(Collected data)
==================================================

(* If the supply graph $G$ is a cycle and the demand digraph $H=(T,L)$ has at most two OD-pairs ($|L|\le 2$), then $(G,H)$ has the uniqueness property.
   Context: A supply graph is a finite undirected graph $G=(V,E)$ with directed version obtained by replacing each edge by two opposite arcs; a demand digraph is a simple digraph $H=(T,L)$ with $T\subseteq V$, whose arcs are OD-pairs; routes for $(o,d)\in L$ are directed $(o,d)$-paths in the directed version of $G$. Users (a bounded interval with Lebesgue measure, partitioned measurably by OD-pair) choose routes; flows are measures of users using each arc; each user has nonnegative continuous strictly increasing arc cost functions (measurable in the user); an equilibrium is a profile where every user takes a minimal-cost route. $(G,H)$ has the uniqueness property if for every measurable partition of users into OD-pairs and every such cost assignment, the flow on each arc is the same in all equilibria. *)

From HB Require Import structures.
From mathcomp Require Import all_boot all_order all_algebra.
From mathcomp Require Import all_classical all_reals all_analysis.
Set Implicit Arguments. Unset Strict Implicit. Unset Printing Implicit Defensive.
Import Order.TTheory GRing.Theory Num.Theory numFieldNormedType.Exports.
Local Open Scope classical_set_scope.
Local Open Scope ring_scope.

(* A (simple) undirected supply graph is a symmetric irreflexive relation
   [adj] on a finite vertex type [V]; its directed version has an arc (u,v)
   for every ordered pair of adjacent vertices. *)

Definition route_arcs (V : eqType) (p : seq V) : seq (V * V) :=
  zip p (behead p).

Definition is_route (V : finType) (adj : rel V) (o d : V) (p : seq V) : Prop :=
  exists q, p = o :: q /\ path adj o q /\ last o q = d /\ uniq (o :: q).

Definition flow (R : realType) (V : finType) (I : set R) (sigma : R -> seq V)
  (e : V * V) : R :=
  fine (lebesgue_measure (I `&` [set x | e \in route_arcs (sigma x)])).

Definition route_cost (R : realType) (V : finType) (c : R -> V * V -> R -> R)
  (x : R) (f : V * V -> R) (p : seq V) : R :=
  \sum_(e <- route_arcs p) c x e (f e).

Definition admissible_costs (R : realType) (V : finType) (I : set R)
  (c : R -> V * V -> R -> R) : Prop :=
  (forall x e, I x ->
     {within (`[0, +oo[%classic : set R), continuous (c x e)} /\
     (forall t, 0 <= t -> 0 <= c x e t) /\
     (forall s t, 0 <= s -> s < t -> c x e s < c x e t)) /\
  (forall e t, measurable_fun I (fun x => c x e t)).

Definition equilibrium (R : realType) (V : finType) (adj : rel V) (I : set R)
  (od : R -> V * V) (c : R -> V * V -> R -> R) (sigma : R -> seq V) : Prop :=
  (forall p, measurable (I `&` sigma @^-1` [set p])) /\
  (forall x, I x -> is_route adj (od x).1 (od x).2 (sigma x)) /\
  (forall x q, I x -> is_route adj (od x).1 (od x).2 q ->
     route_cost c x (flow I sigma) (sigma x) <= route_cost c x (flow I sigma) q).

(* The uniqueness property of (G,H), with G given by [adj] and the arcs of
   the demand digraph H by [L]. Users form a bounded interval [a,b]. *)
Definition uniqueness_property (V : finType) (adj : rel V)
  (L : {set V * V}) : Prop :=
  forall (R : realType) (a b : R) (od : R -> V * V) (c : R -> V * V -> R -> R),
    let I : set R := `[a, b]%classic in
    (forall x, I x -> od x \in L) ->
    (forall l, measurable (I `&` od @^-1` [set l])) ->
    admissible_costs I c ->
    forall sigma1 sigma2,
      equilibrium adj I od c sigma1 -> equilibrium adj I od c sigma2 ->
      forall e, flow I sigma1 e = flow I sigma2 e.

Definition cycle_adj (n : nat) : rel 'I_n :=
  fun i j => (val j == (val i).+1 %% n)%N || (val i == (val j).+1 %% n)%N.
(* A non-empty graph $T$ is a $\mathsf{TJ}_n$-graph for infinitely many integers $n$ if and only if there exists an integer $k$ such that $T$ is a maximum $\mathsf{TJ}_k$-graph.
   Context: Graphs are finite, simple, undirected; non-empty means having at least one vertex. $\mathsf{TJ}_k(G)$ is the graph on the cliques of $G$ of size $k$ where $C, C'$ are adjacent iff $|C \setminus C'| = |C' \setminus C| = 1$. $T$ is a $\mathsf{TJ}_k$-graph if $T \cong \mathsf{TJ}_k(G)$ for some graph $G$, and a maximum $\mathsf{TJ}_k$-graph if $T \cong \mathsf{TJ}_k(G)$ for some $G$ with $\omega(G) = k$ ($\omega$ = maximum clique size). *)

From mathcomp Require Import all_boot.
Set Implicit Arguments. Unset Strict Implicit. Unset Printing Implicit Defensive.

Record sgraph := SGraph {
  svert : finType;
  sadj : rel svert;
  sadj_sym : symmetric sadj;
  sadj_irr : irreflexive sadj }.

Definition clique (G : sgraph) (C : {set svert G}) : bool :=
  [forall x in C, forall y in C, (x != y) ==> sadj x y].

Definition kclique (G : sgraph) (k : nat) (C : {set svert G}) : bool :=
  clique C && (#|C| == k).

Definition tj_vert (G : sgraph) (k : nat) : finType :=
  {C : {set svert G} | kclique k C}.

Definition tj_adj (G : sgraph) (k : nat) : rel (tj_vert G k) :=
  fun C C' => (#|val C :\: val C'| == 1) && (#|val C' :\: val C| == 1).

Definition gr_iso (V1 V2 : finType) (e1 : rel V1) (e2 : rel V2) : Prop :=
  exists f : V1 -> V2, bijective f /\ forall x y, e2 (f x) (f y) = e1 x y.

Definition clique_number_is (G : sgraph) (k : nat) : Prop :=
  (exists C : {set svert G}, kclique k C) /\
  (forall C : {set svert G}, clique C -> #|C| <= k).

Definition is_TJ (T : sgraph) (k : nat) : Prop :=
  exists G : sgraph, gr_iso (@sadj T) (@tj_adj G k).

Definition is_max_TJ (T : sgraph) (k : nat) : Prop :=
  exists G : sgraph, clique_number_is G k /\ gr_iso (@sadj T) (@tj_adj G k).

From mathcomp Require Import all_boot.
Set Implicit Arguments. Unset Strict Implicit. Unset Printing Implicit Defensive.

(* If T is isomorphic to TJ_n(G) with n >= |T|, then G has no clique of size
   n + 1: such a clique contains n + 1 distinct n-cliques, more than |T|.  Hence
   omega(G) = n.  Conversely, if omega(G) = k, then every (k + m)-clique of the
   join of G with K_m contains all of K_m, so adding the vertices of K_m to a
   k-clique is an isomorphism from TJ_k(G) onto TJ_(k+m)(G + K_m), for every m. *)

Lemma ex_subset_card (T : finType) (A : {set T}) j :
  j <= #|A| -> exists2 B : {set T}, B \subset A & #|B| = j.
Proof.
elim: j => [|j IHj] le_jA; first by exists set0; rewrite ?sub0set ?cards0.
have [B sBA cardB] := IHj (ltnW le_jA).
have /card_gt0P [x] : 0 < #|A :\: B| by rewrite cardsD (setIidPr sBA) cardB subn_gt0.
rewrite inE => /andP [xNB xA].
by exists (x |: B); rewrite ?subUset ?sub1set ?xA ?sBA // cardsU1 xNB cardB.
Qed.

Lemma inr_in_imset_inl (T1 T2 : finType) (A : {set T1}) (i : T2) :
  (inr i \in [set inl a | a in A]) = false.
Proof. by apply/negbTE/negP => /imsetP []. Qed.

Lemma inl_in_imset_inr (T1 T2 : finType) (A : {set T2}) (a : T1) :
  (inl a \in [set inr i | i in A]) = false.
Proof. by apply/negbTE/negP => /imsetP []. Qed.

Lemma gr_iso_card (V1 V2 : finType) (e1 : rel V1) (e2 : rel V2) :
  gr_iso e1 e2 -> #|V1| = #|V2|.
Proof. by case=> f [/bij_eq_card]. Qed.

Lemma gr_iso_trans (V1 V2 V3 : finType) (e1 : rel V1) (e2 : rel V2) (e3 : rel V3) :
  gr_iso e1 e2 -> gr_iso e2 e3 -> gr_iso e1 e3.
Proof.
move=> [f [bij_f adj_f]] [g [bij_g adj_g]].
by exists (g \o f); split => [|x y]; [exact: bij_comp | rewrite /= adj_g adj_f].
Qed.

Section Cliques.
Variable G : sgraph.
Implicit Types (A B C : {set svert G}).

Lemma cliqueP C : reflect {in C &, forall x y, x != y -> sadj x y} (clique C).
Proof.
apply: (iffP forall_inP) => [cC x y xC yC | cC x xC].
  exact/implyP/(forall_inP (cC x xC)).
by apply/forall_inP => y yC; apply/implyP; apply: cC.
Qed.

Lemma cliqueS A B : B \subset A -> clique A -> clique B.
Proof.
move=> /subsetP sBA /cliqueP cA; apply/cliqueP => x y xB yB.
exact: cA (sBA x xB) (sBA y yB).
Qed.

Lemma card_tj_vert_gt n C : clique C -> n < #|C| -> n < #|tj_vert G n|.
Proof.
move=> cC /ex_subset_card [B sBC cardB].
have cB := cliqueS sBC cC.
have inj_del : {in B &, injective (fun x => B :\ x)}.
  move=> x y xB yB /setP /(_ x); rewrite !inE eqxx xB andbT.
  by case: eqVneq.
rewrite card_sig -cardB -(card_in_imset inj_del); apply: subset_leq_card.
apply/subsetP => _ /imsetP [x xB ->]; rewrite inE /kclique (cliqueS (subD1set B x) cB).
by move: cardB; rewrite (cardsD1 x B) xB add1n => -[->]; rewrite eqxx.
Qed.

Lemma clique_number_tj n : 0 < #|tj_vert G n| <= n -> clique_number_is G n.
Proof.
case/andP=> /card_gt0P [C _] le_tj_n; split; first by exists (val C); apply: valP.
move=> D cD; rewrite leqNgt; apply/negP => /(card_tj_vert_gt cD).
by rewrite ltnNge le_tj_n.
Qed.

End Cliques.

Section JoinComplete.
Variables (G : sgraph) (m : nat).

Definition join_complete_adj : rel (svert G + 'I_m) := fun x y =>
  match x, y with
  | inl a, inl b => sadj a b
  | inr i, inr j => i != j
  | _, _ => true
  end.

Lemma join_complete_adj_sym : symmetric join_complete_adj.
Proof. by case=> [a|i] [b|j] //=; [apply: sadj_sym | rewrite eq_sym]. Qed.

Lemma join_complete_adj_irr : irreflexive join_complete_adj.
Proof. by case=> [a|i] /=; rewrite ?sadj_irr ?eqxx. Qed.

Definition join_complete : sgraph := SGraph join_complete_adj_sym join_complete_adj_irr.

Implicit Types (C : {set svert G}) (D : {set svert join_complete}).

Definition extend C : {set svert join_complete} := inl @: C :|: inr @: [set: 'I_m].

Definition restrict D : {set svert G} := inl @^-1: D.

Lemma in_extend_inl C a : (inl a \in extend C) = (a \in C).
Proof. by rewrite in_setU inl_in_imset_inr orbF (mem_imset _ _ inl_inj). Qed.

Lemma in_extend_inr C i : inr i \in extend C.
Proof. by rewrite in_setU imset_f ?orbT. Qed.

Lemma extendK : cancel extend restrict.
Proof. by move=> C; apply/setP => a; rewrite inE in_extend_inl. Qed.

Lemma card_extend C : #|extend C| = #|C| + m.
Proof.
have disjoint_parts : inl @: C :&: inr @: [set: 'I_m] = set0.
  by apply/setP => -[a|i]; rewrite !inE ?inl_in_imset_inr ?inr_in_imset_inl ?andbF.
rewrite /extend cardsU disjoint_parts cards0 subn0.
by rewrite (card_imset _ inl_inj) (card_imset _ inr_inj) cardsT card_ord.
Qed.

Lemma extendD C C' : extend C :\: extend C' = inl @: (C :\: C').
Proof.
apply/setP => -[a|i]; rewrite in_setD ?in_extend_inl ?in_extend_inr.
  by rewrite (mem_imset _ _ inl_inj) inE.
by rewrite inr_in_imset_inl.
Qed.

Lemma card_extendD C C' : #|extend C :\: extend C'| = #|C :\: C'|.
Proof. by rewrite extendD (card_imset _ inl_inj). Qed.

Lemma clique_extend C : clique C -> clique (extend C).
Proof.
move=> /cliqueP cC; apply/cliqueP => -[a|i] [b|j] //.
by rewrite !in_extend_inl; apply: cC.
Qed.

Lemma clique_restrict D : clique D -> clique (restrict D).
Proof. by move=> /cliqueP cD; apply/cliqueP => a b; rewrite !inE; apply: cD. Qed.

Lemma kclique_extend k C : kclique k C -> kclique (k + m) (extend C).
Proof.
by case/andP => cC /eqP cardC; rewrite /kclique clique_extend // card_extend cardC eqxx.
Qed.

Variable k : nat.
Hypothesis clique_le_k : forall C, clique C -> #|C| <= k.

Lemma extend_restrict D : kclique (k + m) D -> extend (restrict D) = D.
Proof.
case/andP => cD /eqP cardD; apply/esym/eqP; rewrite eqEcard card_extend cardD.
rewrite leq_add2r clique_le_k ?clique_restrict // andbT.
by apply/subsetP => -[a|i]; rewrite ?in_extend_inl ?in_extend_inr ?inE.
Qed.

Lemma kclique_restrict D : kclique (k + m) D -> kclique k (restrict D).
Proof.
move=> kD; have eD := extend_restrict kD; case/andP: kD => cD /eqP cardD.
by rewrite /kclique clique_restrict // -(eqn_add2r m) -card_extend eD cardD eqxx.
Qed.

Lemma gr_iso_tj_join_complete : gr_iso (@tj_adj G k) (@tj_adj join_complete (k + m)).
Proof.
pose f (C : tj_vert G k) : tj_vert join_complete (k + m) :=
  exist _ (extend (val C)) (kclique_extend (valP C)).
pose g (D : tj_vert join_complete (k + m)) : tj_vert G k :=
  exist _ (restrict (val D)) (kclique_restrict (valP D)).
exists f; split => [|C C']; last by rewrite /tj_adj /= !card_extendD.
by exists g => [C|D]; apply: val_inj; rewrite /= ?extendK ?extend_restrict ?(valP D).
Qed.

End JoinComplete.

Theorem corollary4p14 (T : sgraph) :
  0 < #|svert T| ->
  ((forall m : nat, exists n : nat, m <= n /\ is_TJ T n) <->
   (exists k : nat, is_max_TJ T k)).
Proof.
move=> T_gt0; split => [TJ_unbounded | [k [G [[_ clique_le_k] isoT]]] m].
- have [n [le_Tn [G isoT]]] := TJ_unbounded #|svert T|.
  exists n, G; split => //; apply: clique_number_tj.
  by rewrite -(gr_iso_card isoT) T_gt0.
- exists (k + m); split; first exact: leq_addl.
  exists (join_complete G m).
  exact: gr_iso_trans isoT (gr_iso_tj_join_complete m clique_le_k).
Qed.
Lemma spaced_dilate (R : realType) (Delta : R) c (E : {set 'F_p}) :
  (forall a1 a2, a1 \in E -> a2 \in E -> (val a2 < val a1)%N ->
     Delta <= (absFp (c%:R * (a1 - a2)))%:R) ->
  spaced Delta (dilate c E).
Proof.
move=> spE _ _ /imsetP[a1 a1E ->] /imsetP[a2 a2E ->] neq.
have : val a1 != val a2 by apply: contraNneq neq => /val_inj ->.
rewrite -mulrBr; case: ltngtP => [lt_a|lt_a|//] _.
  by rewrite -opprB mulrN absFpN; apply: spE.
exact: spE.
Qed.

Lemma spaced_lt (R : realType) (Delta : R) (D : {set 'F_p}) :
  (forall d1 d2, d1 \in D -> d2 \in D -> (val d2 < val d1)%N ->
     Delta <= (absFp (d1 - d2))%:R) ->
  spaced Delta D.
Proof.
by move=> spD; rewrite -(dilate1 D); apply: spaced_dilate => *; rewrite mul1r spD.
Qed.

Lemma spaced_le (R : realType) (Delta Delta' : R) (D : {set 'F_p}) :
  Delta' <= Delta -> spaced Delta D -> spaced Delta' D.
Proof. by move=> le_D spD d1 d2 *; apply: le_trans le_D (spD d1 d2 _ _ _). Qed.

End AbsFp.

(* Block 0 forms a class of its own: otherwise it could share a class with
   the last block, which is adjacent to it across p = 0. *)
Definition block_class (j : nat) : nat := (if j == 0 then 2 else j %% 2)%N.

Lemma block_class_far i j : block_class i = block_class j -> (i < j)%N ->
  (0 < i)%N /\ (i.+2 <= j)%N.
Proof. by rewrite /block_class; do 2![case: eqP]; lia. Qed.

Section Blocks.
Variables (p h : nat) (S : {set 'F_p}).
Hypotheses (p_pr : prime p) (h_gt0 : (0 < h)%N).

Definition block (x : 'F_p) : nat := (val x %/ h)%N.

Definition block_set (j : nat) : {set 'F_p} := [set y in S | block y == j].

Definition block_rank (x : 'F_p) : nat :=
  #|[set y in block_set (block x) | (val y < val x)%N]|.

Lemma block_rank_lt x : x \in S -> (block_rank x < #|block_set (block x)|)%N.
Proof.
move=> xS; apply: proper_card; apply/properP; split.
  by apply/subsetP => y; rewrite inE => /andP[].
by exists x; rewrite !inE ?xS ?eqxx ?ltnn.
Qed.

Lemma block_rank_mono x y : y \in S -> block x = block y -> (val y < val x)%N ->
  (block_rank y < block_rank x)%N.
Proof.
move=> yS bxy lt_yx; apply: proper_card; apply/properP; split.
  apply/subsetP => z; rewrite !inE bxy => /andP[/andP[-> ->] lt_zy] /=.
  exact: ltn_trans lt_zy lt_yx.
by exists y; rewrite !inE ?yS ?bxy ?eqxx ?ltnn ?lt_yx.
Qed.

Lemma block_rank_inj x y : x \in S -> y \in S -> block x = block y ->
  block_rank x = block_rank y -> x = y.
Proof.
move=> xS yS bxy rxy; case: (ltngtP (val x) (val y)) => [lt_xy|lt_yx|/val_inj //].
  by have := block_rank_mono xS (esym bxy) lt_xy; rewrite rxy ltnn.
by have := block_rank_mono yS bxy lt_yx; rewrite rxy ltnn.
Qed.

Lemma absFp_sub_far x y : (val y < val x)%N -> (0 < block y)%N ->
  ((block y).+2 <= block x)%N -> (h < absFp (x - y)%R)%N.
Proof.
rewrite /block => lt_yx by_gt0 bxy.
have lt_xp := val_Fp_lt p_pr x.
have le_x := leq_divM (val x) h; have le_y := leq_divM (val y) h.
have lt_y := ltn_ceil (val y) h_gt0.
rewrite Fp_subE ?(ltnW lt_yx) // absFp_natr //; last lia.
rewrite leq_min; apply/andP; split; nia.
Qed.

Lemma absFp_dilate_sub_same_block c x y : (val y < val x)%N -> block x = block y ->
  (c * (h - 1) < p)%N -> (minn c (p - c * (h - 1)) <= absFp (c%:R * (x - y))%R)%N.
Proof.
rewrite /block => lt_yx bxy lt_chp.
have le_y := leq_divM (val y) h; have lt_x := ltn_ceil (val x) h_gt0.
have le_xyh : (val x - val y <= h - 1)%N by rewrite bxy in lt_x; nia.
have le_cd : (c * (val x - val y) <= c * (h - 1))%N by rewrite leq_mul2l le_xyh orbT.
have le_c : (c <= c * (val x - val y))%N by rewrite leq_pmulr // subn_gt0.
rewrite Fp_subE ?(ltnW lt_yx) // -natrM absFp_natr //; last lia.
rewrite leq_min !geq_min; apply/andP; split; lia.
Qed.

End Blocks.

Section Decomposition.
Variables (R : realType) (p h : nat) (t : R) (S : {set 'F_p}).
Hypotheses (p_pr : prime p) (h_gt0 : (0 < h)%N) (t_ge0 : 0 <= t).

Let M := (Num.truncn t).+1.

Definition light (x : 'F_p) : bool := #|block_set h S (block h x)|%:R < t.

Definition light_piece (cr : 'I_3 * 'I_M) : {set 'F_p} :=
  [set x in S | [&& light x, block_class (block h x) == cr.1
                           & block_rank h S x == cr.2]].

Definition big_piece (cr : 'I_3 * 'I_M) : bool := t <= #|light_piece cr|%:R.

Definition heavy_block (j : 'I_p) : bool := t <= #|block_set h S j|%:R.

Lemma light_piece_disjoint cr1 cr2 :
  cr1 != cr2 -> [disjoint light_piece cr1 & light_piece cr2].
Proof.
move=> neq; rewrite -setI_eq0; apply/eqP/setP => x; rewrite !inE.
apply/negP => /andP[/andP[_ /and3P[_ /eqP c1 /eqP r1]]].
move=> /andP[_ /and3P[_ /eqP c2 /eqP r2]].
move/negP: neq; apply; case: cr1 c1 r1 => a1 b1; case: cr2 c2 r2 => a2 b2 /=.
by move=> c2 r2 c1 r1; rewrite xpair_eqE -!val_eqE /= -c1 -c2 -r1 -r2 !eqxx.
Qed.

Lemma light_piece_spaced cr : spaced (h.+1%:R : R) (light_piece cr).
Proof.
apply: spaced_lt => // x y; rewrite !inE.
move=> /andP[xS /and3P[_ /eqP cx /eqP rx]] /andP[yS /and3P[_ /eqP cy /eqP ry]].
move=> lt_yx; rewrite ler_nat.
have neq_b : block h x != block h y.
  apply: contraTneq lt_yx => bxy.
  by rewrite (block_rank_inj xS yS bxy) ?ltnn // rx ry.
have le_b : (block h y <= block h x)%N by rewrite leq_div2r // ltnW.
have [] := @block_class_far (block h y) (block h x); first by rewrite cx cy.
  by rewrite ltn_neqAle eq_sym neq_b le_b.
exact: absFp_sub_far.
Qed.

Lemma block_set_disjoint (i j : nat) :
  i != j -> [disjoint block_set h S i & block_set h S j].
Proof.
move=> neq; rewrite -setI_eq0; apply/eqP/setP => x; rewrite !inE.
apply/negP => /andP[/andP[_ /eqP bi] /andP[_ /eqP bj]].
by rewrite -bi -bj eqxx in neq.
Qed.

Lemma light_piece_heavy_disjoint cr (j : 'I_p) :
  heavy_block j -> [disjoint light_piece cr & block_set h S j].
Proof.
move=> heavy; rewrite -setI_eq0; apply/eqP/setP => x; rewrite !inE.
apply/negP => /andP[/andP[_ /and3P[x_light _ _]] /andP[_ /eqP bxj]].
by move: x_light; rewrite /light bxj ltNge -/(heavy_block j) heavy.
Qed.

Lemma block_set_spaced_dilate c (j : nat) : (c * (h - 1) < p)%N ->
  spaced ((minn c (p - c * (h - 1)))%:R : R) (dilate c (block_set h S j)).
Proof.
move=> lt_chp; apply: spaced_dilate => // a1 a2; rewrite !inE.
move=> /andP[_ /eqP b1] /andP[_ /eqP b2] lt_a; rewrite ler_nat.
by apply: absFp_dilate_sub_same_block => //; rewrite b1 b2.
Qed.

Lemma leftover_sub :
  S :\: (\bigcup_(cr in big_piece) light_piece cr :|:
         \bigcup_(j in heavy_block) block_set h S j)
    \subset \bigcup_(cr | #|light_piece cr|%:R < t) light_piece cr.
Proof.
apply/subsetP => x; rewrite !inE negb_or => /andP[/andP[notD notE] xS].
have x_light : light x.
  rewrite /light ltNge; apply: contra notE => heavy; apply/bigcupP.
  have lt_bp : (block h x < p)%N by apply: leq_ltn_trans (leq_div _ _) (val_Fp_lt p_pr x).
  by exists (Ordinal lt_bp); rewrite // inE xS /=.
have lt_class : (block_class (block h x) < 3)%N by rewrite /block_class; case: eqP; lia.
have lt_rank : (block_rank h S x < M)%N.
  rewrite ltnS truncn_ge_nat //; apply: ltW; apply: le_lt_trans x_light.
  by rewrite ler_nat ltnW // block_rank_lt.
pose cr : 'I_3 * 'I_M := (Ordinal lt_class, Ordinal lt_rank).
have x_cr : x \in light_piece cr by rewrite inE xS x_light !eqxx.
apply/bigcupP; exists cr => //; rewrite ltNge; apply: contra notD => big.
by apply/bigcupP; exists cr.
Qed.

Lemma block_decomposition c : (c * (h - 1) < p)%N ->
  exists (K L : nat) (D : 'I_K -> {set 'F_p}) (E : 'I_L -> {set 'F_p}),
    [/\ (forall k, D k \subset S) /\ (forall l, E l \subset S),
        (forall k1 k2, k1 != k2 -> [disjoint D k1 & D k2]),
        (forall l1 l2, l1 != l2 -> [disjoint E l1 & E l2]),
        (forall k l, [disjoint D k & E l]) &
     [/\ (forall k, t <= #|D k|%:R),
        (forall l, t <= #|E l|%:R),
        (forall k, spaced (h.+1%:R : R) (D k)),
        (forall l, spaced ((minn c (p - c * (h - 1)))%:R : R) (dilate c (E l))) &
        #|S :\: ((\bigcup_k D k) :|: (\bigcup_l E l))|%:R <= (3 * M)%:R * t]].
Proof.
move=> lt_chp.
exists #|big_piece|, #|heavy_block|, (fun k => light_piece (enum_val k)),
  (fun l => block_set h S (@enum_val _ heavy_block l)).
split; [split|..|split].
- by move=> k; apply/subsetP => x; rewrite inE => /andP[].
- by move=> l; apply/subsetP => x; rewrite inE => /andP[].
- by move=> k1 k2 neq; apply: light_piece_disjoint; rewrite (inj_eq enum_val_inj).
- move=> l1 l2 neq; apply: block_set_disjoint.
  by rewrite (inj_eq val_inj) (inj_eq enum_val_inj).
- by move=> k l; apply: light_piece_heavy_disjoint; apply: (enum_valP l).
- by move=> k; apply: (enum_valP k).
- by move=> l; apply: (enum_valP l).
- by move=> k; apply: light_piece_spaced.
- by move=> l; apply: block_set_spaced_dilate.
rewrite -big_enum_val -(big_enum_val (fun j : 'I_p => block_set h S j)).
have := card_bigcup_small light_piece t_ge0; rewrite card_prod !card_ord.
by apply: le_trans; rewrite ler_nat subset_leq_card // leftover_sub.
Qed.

==================================================

:: ABOUT THIS EXERCISE ::
Where does the string "Section" appear in the records above? Show every line that holds it.

:: EXERCISE ANSWER ::
Section Cliques.
Section JoinComplete.
Section Blocks.
Section Decomposition.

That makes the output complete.